*Try it*: Every line from the one containing "Definition bito (i" to the one containing "Definition pauli1 (k" in the records below, both included, must be set down exactly, and no other line.

*Source material*:
· · ·

(* Let $\mathcal{E}_{\mathrm{MUB}}$ be the minimal Clifford measurement ensemble described in the context, $O$ a Hermitian observable not proportional to the identity, and $O_0=O-2^{-n}\operatorname{tr}(O)\mathbb{I}$. For $U\in\mathcal{E}_{\mathrm{MUB}}$ let $\Phi_{U,\mathbf{b}}=U^{\dagger}|\mathbf{b}\rangle\langle\mathbf{b}|U$, $B_U=\max_{\mathbf{b}\in\{0,1\}^n}|\operatorname{tr}(\Phi_{U,\mathbf{b}}O_0)|$ and $p_U=B_U/\sum_{U'\in\mathcal{E}_{\mathrm{MUB}}}B_{U'}$. Consider the biased-MCM estimator: sample $U$ with probability $p_U$, measure $U\rho U^{\dagger}$ in the computational basis obtaining $\mathbf{b}$ with probability $\langle\mathbf{b}|U\rho U^{\dagger}|\mathbf{b}\rangle$, and output $\hat O=\operatorname{tr}(O_0\Phi_{U,\mathbf{b}})/p_U+2^{-n}\operatorname{tr}(O)$. Then for every state $\rho$, $$\mathrm{Var}(\hat O)\le\Big(\sum_{U\in\mathcal{E}_{\mathrm{MUB}}}B_U\Big)^2\le\mathcal{D}(O_0)^2,$$ where $\mathcal{D}(A)=2^{-n}\sum_{P\in\mathbf{P}^n}|\operatorname{tr}(PA)|$ is the stabilizer norm and $\mathbf{P}^n$ is the set of the $4^n$ $n$-fold tensor products of $\mathbb{I}_2,X,Y,Z$.
   Context: Galois arithmetic: fix an irreducible polynomial $P_n(x)$ of degree $n$ over $\mathrm{GF}(2)$; integers $a=\sum_i a_i2^i\in\{0,\dots,2^n-1\}$ are identified with polynomials $\sum_ia_ix^i$ and row vectors $(a_0,\dots,a_{n-1})$, and $a\odot b=a(x)b(x)\bmod P_n(x)$. Let $\Gamma_{k,j}$ be the coefficient of $x^j$ in $x^k\bmod P_n$, and $M_n^{(0)}$ the $n\times n$ binary matrix with entries $\Gamma_{p+q,0}$. For $v\in\{0,\dots,2^n-1\}$ let $\alpha_{v,i,j}$ be the $j$-th entry of $(v\odot 2^i)M_n^{(0)}$ mod 2 and $g_i^{(v)}=\sqrt{-1}^{\,\alpha_{v,i,i}}X_i\prod_jZ_j^{\alpha_{v,i,j}}$ ($X_i,Z_i$ Paulis on qubit $i$). $\mathcal{E}_{\mathrm{MUB}}=\{\mathbb{I}\}\cup\{U_v\}_{v=0}^{2^n-1}$, where $U_v$ is a Clifford unitary with $U_v^{\dagger}Z_iU_v=\pm g_i^{(v)}$ for all $i$. Unitaries with $p_U=0$ are never sampled. The variance is over the random $U$ and $\mathbf{b}$. *)

From HB Require Import structures.
From mathcomp Require Import all_boot all_order all_algebra all_field.
Set Implicit Arguments. Unset Strict Implicit. Unset Printing Implicit Defensive.
Import Order.TTheory GRing.Theory Num.Theory.
Local Open Scope ring_scope.

(* A computational basis index a : 'I_(2^n) is identified with the bit string
   (a_0,...,a_{n-1}), a = sum_i a_i 2^i; qubit i carries bit i. *)
Definition bit (i a : nat) : bool := odd (a %/ 2 ^ i).
Definition bito (i a : nat) : 'I_2 := inord (nat_of_bool (bit i a)).

Definition adj (m k : nat) (A : 'M[algC]_(m, k)) : 'M[algC]_(k, m) :=
  (map_mx (fun x : algC => x^*) A)^T.

(* single-qubit operator A acting on qubit i (tensored with identities) *)
Definition op_on (n : nat) (i : 'I_n) (A : 'M[algC]_2) : 'M[algC]_(2 ^ n) :=
  \matrix_(a, b) (if [forall j : 'I_n, (j != i) ==> (bit j a == bit j b)]
                  then A (bito i a) (bito i b) else 0).

Definition sX : 'M[algC]_2 := \matrix_(p, q) (if p != q then 1 else 0).
Definition sY : 'M[algC]_2 :=
  \matrix_(p, q) (if p == q then 0 else if val p == 0%N then - 'i else 'i).
Definition sZ : 'M[algC]_2 :=
  \matrix_(p, q) (if p == q then (if val p == 0%N then 1 else -1) else 0).

Definition pauli1 (k : 'I_4) : 'M[algC]_2 :=
  match val k with 0 => 1%:M | 1 => sX | 2 => sY | _ => sZ end.

Definition pauli_string (n : nat) (s : {ffun 'I_n -> 'I_4}) : 'M[algC]_(2 ^ n) :=
  \big[mulmx/1%:M]_(i < n) op_on i (pauli1 (s i)).

Definition stab_norm (n : nat) (A : 'M[algC]_(2 ^ n)) : algC :=
  (2 ^ n)%:R^-1 * \sum_(s : {ffun 'I_n -> 'I_4}) `|\tr (pauli_string s *m A)|.

Definition is_unitary (m : nat) (U : 'M[algC]_m) : Prop := adj U *m U = 1%:M.

Definition clifford (n : nat) (U : 'M[algC]_(2 ^ n)) : Prop :=
  is_unitary U /\ forall s : {ffun 'I_n -> 'I_4},
    exists (c : algC) (s' : {ffun 'I_n -> 'I_4}),
      adj U *m pauli_string s *m U = c *: pauli_string s'.

Definition gf2 := 'F_2.
Definition poly_of_nat (n a : nat) : {poly gf2} := \poly_(i < n) (bit i a)%:R.
Definition gmul (P p q : {poly gf2}) : {poly gf2} := (p * q) %% P.
Definition Gamma (P : {poly gf2}) (k j : nat) : gf2 := ('X ^+ k %% P)`_j.
Definition M0 (P : {poly gf2}) (n : nat) : 'M[gf2]_n :=
  \matrix_(p, q) Gamma P (p + q) 0.
Definition rowvec (n : nat) (p : {poly gf2}) : 'rV[gf2]_n := \row_(j < n) p`_j.
Definition alpha (P : {poly gf2}) (n v : nat) (i j : 'I_n) : bool :=
  ((rowvec n (gmul P (poly_of_nat n v) 'X^i) *m M0 P n) 0 j == 1).

Definition gop (P : {poly gf2}) (n v : nat) (i : 'I_n) : 'M[algC]_(2 ^ n) :=
  ('i ^+ alpha P v i i) *:
    (op_on i sX *m \big[mulmx/1%:M]_(j < n) (op_on j sZ) ^+ alpha P v i j).

Definition mub_family (P : {poly gf2}) (n : nat) (U : 'I_(2 ^ n) -> 'M[algC]_(2 ^ n)) : Prop :=
  forall (v : 'I_(2 ^ n)) (i : 'I_n),
    clifford (U v) /\
    exists sgn : bool, adj (U v) *m op_on i sZ *m U v = (-1) ^+ sgn *: gop P v i.

Definition ens (n : nat) (U : 'I_(2 ^ n) -> 'M[algC]_(2 ^ n)) (o : option 'I_(2 ^ n))
  : 'M[algC]_(2 ^ n) := if o is Some v then U v else 1%:M.

Definition traceless (n : nat) (O : 'M[algC]_(2 ^ n)) : 'M[algC]_(2 ^ n) :=
  O - ((2 ^ n)%:R^-1 * \tr O)%:M.

Definition Phi (n : nat) (W : 'M[algC]_(2 ^ n)) (b : 'I_(2 ^ n)) : 'M[algC]_(2 ^ n) :=
  adj W *m delta_mx b b *m W.

Definition Bnd (n : nat) (W O : 'M[algC]_(2 ^ n)) : algC :=
  \big[Num.max/0]_(b : 'I_(2 ^ n)) `|\tr (Phi W b *m traceless O)|.

Definition Btot n U (O : 'M[algC]_(2 ^ n)) : algC :=
  \sum_(o : option 'I_(2 ^ n)) Bnd (ens U o) O.

Definition pU n U (O : 'M[algC]_(2 ^ n)) (o : option 'I_(2 ^ n)) : algC :=
  Bnd (ens U o) O / Btot U O.

Definition outcome_prob n (W rho : 'M[algC]_(2 ^ n)) (b : 'I_(2 ^ n)) : algC :=
  (W *m rho *m adj W) b b.

Definition Ohat n U (O : 'M[algC]_(2 ^ n)) (o : option 'I_(2 ^ n)) (b : 'I_(2 ^ n)) : algC :=
  \tr (traceless O *m Phi (ens U o) b) / pU U O o + (2 ^ n)%:R^-1 * \tr O.

(* expectation of a function of (U, b) under the sampling scheme
   (unitaries with p_U = 0 are never sampled) *)
Definition expect n U (O rho : 'M[algC]_(2 ^ n))
  (f : option 'I_(2 ^ n) -> 'I_(2 ^ n) -> algC) : algC :=
  \sum_(o | pU U O o != 0) \sum_(b : 'I_(2 ^ n))
     pU U O o * outcome_prob (ens U o) rho b * f o b.

Definition variance n U (O rho : 'M[algC]_(2 ^ n)) : algC :=
  let m := expect U O rho (Ohat U O) in
  expect U O rho (fun o b => (Ohat U O o b - m) ^+ 2).

Definition is_hermitian m (A : 'M[algC]_m) : Prop := adj A = A.
Definition is_density m (rho : 'M[algC]_m) : Prop :=
  [/\ is_hermitian rho, forall v : 'cV[algC]_m, 0 <= (adj v *m rho *m v) 0 0
    & \tr rho = 1].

· · ·

*Solution for this problem*:
Definition bito (i a : nat) : 'I_2 := inord (nat_of_bool (bit i a)).

Definition adj (m k : nat) (A : 'M[algC]_(m, k)) : 'M[algC]_(k, m) :=
  (map_mx (fun x : algC => x^*) A)^T.

(* single-qubit operator A acting on qubit i (tensored with identities) *)
Definition op_on (n : nat) (i : 'I_n) (A : 'M[algC]_2) : 'M[algC]_(2 ^ n) :=
  \matrix_(a, b) (if [forall j : 'I_n, (j != i) ==> (bit j a == bit j b)]
                  then A (bito i a) (bito i b) else 0).

Definition sX : 'M[algC]_2 := \matrix_(p, q) (if p != q then 1 else 0).
Definition sY : 'M[algC]_2 :=
  \matrix_(p, q) (if p == q then 0 else if val p == 0%N then - 'i else 'i).
Definition sZ : 'M[algC]_2 :=
  \matrix_(p, q) (if p == q then (if val p == 0%N then 1 else -1) else 0).

Definition pauli1 (k : 'I_4) : 'M[algC]_2 :=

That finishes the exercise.